I feel like I am missing something, but this should give you the idea.
Scripting is fundamental to automation. Without the automation the 
product would not have made it anywhere near as far as it has.
Notifications via email, irc bots, IM, etc. are also key. We had 
developers in different states here in the US as well as in India. So it 
was not as easy as walking over to someone's cube to find out information.

Because of the large amount of history, deleted files, etc. clones are 
slow and large. This is where a distributed system shows it weakness. bk 
until recently did not have a good way to cut off this detritus. Even 
with the BitMover's help in cleaning up the tree, handling the merge 
from versionA -> versionB -> versionC is going to take work so it keeps 
getting pushed further away. Disk may be cheap, but not when you have 
20+ people who average 40+GB home directories.
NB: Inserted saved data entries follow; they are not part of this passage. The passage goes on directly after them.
(* Let $c\geq 1$ be an odd integer and let $a,b\geq 2$ be coprime integers. Let $\varphi:F(x,y)\to\mathbb{Z}_2=\{1,-1\}$ be the unique nontrivial homomorphism with $\varphi(x)^a\varphi(y)^b=1$ (namely $\varphi(x)=-1,\varphi(y)=1$ if $a$ is even and $b$ odd; $\varphi(x)=1,\varphi(y)=-1$ if $a$ is odd and $b$ even; $\varphi(x)=\varphi(y)=-1$ if $a,b$ are both odd). Then there exists a word $r\in F(x,y)$ with $\delta_x(r)=a$ and $\delta_y(r)=b$ (so that $H^2(K_r;\mathbb{Z})=0$) such that, letting $\beta:\Pi=F(x,y)/N(r)\to\mathbb{Z}_2$ be the homomorphism induced by $\varphi$, one has $H^2(K_r;{}_{\beta}\mathbb{Z})\cong\mathbb{Z}/c\mathbb{Z}$.
   Context: $F(x,y)$ is the free group on $x,y$; for $r\in F(x,y)$, $\delta_x(r)$ and $\delta_y(r)$ are the exponent sums of $x$ and $y$ in $r$, $N(r)$ is the normal closure of $r$, and $K_r$ is the model two-complex of the presentation $\langle x,y\mid r\rangle$ (one $0$-cell, two $1$-cells, one $2$-cell attached along $r$), with fundamental group $\Pi=F(x,y)/N(r)$. Since $\varphi(r)=\varphi(x)^{\delta_x(r)}\varphi(y)^{\delta_y(r)}=1$, $\varphi$ induces $\beta$ on $\Pi$. $\mathbb{Z}_2$ is identified with $\mathrm{Aut}(\mathbb{Z})$, so $\beta$ is a local integer coefficient system on $K_r$ and $H^2(K_r;{}_{\beta}\mathbb{Z})$ is the corresponding twisted cohomology group. *)

From mathcomp Require Import all_boot all_order all_algebra.
Set Implicit Arguments. Unset Strict Implicit. Unset Printing Implicit Defensive.
Import Order.TTheory GRing.Theory Num.Theory.
Local Open Scope ring_scope.

(* A letter is a pair (g, i):
   g = false : generator x,  g = true : generator y;
   i = false : the generator itself,  i = true : its inverse.
   A word need not be freely reduced: exponent sums and Fox derivatives
   are invariant under free reduction, so they are well defined on F(x,y). *)
Definition letter := (bool * bool)%type.
Definition word := seq letter.

Definition expsum (g : bool) (r : word) : int :=
  \sum_(l <- r | l.1 == g) (if l.2 then -1 else 1).
Definition delta_x (r : word) : int := expsum false r.
Definition delta_y (r : word) : int := expsum true r.

(* A homomorphism phi : F(x,y) -> Z_2 = {1,-1} is given by its values on the
   generators: phi(x) = (-1)^sx, phi(y) = (-1)^sy. *)
Definition sgnb (s : bool) : int := (-1) ^+ s.
Definition phi_gen (sx sy : bool) (g : bool) : int := sgnb (if g then sy else sx).

(* Fox derivatives (d r/dx, d r/dy) pushed forward along beta (induced by phi)
   to Z[Z_2] -> Z (each group element acts on Z by the sign phi(.)).
   Uses d(l w) = d l + l . d w, d(x)/dx = 1, d(x^-1)/dx = -x^-1,
   and phi(x^-1) = phi(x) since phi takes values +-1. *)
Fixpoint twisted_fox (sx sy : bool) (r : word) : int * int :=
  match r with
  | [::] => (0, 0)
  | l :: w =>
      let v := phi_gen sx sy l.1 in
      let d := twisted_fox sx sy w in
      let lead := if l.2 then - v else 1 in
      ((if l.1 then 0 else lead) + v * d.1,
       (if l.1 then lead else 0) + v * d.2)
  end.

(* Twisted cellular cochain complex of K_r with coefficients in beta Z:
   C^0 = Z, C^1 = Z^2 (cells x, y), C^2 = Z (cell of r), and
   delta^1 (f_x, f_y) = beta(dr/dx) f_x + beta(dr/dy) f_y.
   Since K_r is 2-dimensional, H^2(K_r; beta Z) = C^2 / im delta^1. *)
Definition coboundary1 (sx sy : bool) (r : word) (f : int * int) : int :=
  (twisted_fox sx sy r).1 * f.1 + (twisted_fox sx sy r).2 * f.2.

Definition im_coboundary1 (sx sy : bool) (r : word) (z : int) : Prop :=
  exists f : int * int, z = coboundary1 sx sy r f.

(* H^2(K_r; beta Z) = Z / im delta^1 is isomorphic (as abelian group) to Z/cZ:
   there is an additive map g : C^2 = Z -> Z inducing a well-defined, injective
   and surjective homomorphism Z / im delta^1 -> Z / cZ. *)
Definition H2_twisted_iso_Zmod (sx sy : bool) (r : word) (c : int) : Prop :=
  exists g : int -> int,
    (forall u v, g (u + v) = g u + g v) /\
    (forall u v, im_coboundary1 sx sy r (u - v) <-> (g u == g v %[mod c])%Z) /\
    (forall w, exists u, (g u == w %[mod c])%Z).

(* H^2(K_r; beta Z) is Z modulo the ideal spanned by the two twisted Fox
   derivatives of r, i.e. Z / gcd.  Since the Fox derivative is a crossed
   homomorphism, a power g^n contributes n when beta(g) = 1 but only the parity
   of n when beta(g) = -1.  If both generators are twisted (a, b odd), the
   relator (xy)^c x^(a-c) y^(b-c) has twisted derivatives (c, -c).  If only g
   is twisted (its exponent m even, the exponent n of the other generator h
   odd), the relator h^p g h^q g^(m-1) with p + q = n and p - q = c has
   derivative 0 along g and c along h.  Coprimality of a and b only serves to
   exclude a and b both even. *)

From mathcomp Require Import all_boot all_order all_algebra zify ring.
Import Order.TTheory GRing.Theory Num.Theory.
Local Open Scope ring_scope.

Fixpoint phi_word (sx sy : bool) (w : word) : int :=
  if w is l :: w' then phi_gen sx sy l.1 * phi_word sx sy w' else 1.

Definition gen_vec (g : bool) (t : int) : int * int :=
  if g then (0, t) else (t, 0).

Definition gen_pow (g : bool) (n : int) : word := nseq `|n|%N (g, n < 0).

Definition word_pow (w : word) (k : nat) : word := flatten (nseq k w).

Lemma signr_eq1 (b : bool) : ((-1) ^+ b == 1 :> int) = ~~ b.
Proof. by case: b. Qed.

Lemma sgnb_exp (s : bool) (n : nat) : sgnb s ^+ n = (-1) ^+ (s && odd n).
Proof. by rewrite /sgnb -exprM -[LHS]signr_odd oddM oddb. Qed.

Lemma sign_mulrn_abs (n : int) : (if n < 0 then -1 else 1) *+ `|n|%N = n.
Proof. by case: n => m /=; rewrite ?mulNrn ?NegzE natz. Qed.

Lemma coprimez_not_both_even (a b : int) :
  coprimez a b -> ~~ ((2 %| a)%Z && (2 %| b)%Z).
Proof. by rewrite /coprimez -dvdz_gcd => /eqP ->. Qed.

Lemma exists_sum_sub_eq {b c : int} :
  ~~ (2 %| b)%Z -> ~~ (2 %| c)%Z -> exists p q : int, p + q = b /\ p - q = c.
Proof.
by move=> b_odd c_odd; exists ((b + c) %/ 2)%Z, ((b - c) %/ 2)%Z; lia.
Qed.

Section ExponentSums.

Variable g : bool.

Lemma expsum_cat (u w : word) : expsum g (u ++ w) = expsum g u + expsum g w.
Proof. by rewrite /expsum big_cat. Qed.

Lemma expsum_gen_pow (h : bool) (n : int) :
  expsum g (gen_pow h n) = if h == g then n else 0.
Proof.
rewrite /expsum big_nseq_cond /=; case: (h == g) => //.
by rewrite -[RHS]sign_mulrn_abs; elim: `|n|%N => //= k ->; rewrite mulrS.
Qed.

Lemma expsum_word_pow (w : word) (k : nat) :
  expsum g (word_pow w k) = expsum g w *+ k.
Proof.
elim: k => [|k IH]; first by rewrite /expsum big_nil.
by rewrite [word_pow _ _]/= expsum_cat IH mulrS.
Qed.

End ExponentSums.

Section TwistedFox.

Variables sx sy : bool.
Local Notation phi_gen := (phi_gen sx sy).
Local Notation phi_word := (phi_word sx sy).
Local Notation fox := (twisted_fox sx sy).

Lemma phi_word_cat (u w : word) : phi_word (u ++ w) = phi_word u * phi_word w.
Proof. by elim: u => [|l u IH] /=; rewrite ?mul1r // IH mulrA. Qed.

Lemma twisted_fox_cat (u w : word) :
  fox (u ++ w) = ((fox u).1 + phi_word u * (fox w).1,
                  (fox u).2 + phi_word u * (fox w).2).
Proof.
elim: u => [|l u IH] /=; first by rewrite !add0r !mul1r; case: (fox w).
by rewrite IH /= !mulrDr !addrA !mulrA.
Qed.

Lemma phi_word_gen_pow (g : bool) (n : int) :
  phi_word (gen_pow g n) = phi_gen g ^+ `|n|%N.
Proof. by rewrite /gen_pow; elim: `|n|%N => //= k ->; rewrite exprS. Qed.

Lemma twisted_fox_gen_pow_trivial (g : bool) (n : int) :
  phi_gen g = 1 -> fox (gen_pow g n) = gen_vec g n.
Proof.
move=> phi_g1; rewrite /gen_pow -[in RHS](sign_mulrn_abs n).
elim: `|n|%N => [|k IH]; first by case: g {phi_g1}.
rewrite /= IH phi_g1 !mul1r mulrS.
by case: g {phi_g1 IH} => /=; rewrite ?add0r ?addr0.
Qed.

Lemma twisted_fox_gen_pow_sign (g : bool) (n : int) :
  phi_gen g = -1 -> fox (gen_pow g n) = gen_vec g (odd `|n|%N)%:R.
Proof.
move=> phi_gN1; rewrite /gen_pow.
elim: `|n|%N => [|k IH]; first by case: g {phi_gN1}.
rewrite /= IH phi_gN1 mulN1r opprK.
by case: g {phi_gN1 IH}; case: (n < 0); case: (odd k).
Qed.

Lemma phi_word_pow (w : word) (k : nat) :
  phi_word (word_pow w k) = phi_word w ^+ k.
Proof. by elim: k => //= k IH; rewrite phi_word_cat IH exprS. Qed.

Lemma twisted_fox_word_pow (w : word) (k : nat) : phi_word w = 1 ->
  fox (word_pow w k) = ((fox w).1 *+ k, (fox w).2 *+ k).
Proof.
move=> phi_w1; elim: k => //= k IH.
by rewrite twisted_fox_cat IH phi_w1 !mul1r !mulrS.
Qed.

Lemma im_coboundary1_gcdz (r : word) (z : int) :
  im_coboundary1 sx sy r z <-> (gcdz (fox r).1 (fox r).2 %| z)%Z.
Proof.
rewrite /im_coboundary1 /coboundary1; split.
  by case=> f ->; rewrite rpredD // dvdz_mulr // (dvdz_gcdl, dvdz_gcdr).
case/dvdzP=> q ->; have [u [v <-]] := Bezoutz (fox r).1 (fox r).2.
by exists (q * u, q * v); rewrite /=; ring.
Qed.

Lemma H2_twisted_iso_Zmod_gcdz (r : word) (c : int) :
  gcdz (fox r).1 (fox r).2 = `|c|%N -> H2_twisted_iso_Zmod sx sy r c.
Proof.
move=> gcd_c; exists id; split=> //; split=> [u v|w]; last by exists w.
by rewrite eqz_mod_dvd im_coboundary1_gcdz gcd_c.
Qed.

End TwistedFox.

Lemma gcdz_gen_vec (g : bool) (t : int) :
  gcdz (gen_vec g t).1 (gen_vec g t).2 = `|t|%N.
Proof. by case: g; rewrite /= (gcd0z, gcdz0). Qed.

Definition relator_odd_odd (k : nat) (a b : int) : word :=
  word_pow [:: (false, false); (true, false)] k ++
  gen_pow false (a - k%:Z) ++ gen_pow true (b - k%:Z).

Lemma delta_relator_odd_odd (k : nat) (a b : int) :
  delta_x (relator_odd_odd k a b) = a /\ delta_y (relator_odd_odd k a b) = b.
Proof.
have expsum_xy g : expsum g [:: (false, false); (true, false)] = 1.
  by rewrite /expsum !big_cons big_nil; case: g.
rewrite /delta_x /delta_y !expsum_cat !expsum_word_pow !expsum_xy.
by rewrite !expsum_gen_pow /=; lia.
Qed.

Lemma twisted_fox_relator_odd_odd (k : nat) (a b : int) :
  (2 %| a - k%:Z)%Z -> (2 %| b - k%:Z)%Z ->
  twisted_fox true true (relator_odd_odd k a b) = (k%:Z, - k%:Z).
Proof.
move=> a_k_even b_k_even.
have [a_k b_k] : odd `|a - k%:Z|%N = false /\ odd `|b - k%:Z|%N = false by lia.
rewrite !twisted_fox_cat phi_word_pow twisted_fox_word_pow // phi_word_gen_pow.
rewrite !twisted_fox_gen_pow_sign // a_k b_k /= /phi_gen /sgnb expr1.
by rewrite !(mulr0, addr0, mulr1) sub0r mulNrn natz.
Qed.

Definition relator_even_odd (g : bool) (p q m : int) : word :=
  gen_pow (~~ g) p ++ gen_pow g 1 ++ gen_pow (~~ g) q ++ gen_pow g (m - 1).

Lemma expsum_relator_even_odd (g : bool) (p q m : int) :
  expsum g (relator_even_odd g p q m) = m /\
  expsum (~~ g) (relator_even_odd g p q m) = p + q.
Proof. by rewrite !expsum_cat !expsum_gen_pow; case: g => /=; split; lia. Qed.

Lemma twisted_fox_relator_even_odd (sx sy g : bool) (p q m : int) :
  phi_gen sx sy g = -1 -> phi_gen sx sy (~~ g) = 1 -> (2 %| m)%Z ->
  twisted_fox sx sy (relator_even_odd g p q m) = gen_vec (~~ g) (p - q).
Proof.
move=> phi_g phi_ng m_even.
have m1_odd : odd `|m - 1|%N by lia.
rewrite !twisted_fox_cat !phi_word_gen_pow phi_g phi_ng.
rewrite !(twisted_fox_gen_pow_trivial _ _ (~~ g)) //.
rewrite !(twisted_fox_gen_pow_sign _ _ g) // m1_odd.
by case: g {phi_g phi_ng} => /=; rewrite !expr1n; congr pair; ring.
Qed.

Theorem proposition6p3 (c a b : int) (sx sy : bool) :
  1 <= c -> ~~ (2 %| c)%Z ->
  2 <= a -> 2 <= b -> coprimez a b ->
  (sx || sy) ->
  (sgnb sx) ^+ `|a|%N * (sgnb sy) ^+ `|b|%N = 1 ->
  exists r : word,
    delta_x r = a /\ delta_y r = b /\ H2_twisted_iso_Zmod sx sy r c.
Proof.
case: c => // k _ c_odd _ _ /coprimez_not_both_even not_both_even.
rewrite !sgnb_exp -signr_addb => nontrivial /eqP; rewrite signr_eq1 => parity.
case: sx sy nontrivial parity => [] [] // _ /= parity.
- have [a_odd b_odd] : ~~ (2 %| a)%Z /\ ~~ (2 %| b)%Z by lia.
  exists (relator_odd_odd k a b); have [-> ->] := delta_relator_odd_odd k a b.
  do 2 split=> //; apply: H2_twisted_iso_Zmod_gcdz.
  by rewrite twisted_fox_relator_odd_odd ?gcdzN; [apply/gcdz_idPl | lia | lia].
- have [a_even b_odd] : (2 %| a)%Z /\ ~~ (2 %| b)%Z by lia.
  have [p [q [<- pq_c]]] := exists_sum_sub_eq b_odd c_odd.
  exists (relator_even_odd false p q a); rewrite /delta_x /delta_y.
  have [-> ->] := expsum_relator_even_odd false p q a.
  do 2 split=> //; apply: H2_twisted_iso_Zmod_gcdz.
  by rewrite twisted_fox_relator_even_odd // gcdz_gen_vec pq_c.
- have [a_odd b_even] : ~~ (2 %| a)%Z /\ (2 %| b)%Z by lia.
  have [p [q [<- pq_c]]] := exists_sum_sub_eq a_odd c_odd.
  exists (relator_even_odd true p q b); rewrite /delta_x /delta_y.
  have [-> ->] := expsum_relator_even_odd true p q b.
  do 2 split=> //; apply: H2_twisted_iso_Zmod_gcdz.
  by rewrite twisted_fox_relator_even_odd // gcdz_gen_vec pq_c.
Qed.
The home directories were 
managed on a SAN but adding new space is not easy or cheap when you 
reach the terabyte level. "Cheap" is also relative. When a company 
refuses to spend money in a particular quarter on infrastructure nothing 
is cheap enough.

Revision history. Ok, bk uses ugly, 1995 style tk apps. However, they 
work and work well. bk revtool launches a GUI browser which shows you 
the entire repo's history as multiple timelines, so branches, multiple 
users, etc. are all represented. You can ask for the difference between 
node N and node M. You can ask for revision X.Y.Z. When looking at an 
individual file, you get something analogous to what Mr. Schwern is 
asking for on the annotate thread. Really handy during a bug hunt.

Merging. bk did a really good job of dealing with conflicts. When an 
issue arose, bk mergetool was a real help. For each file that a conflict 
occured in you received a choice:
keep the local version
take the new version
run diff
exit to shell
perform a 2 way merge using the GUI difftool
perform a 3 way merge using the GUI difftool
(one or two others I am forgetting)

The gui tools let you cherry pick diffs from both files as well as hand 
edit the resulting file. Their UI was obviously made by a coder and took 
quite a bit of learning. But once you became use to them they were very 
useful.

Now there is once place where bk did a horrible job at merges. If I 
added a function to the bottom of a file and someone else added a 
function to the bottom of the same file bk would realize that the 
changes could stack:
A
B

or even
B
A

so it caused a merge conflict which 99.9% of the time involved you 
saying "take my change, then take their change, commit".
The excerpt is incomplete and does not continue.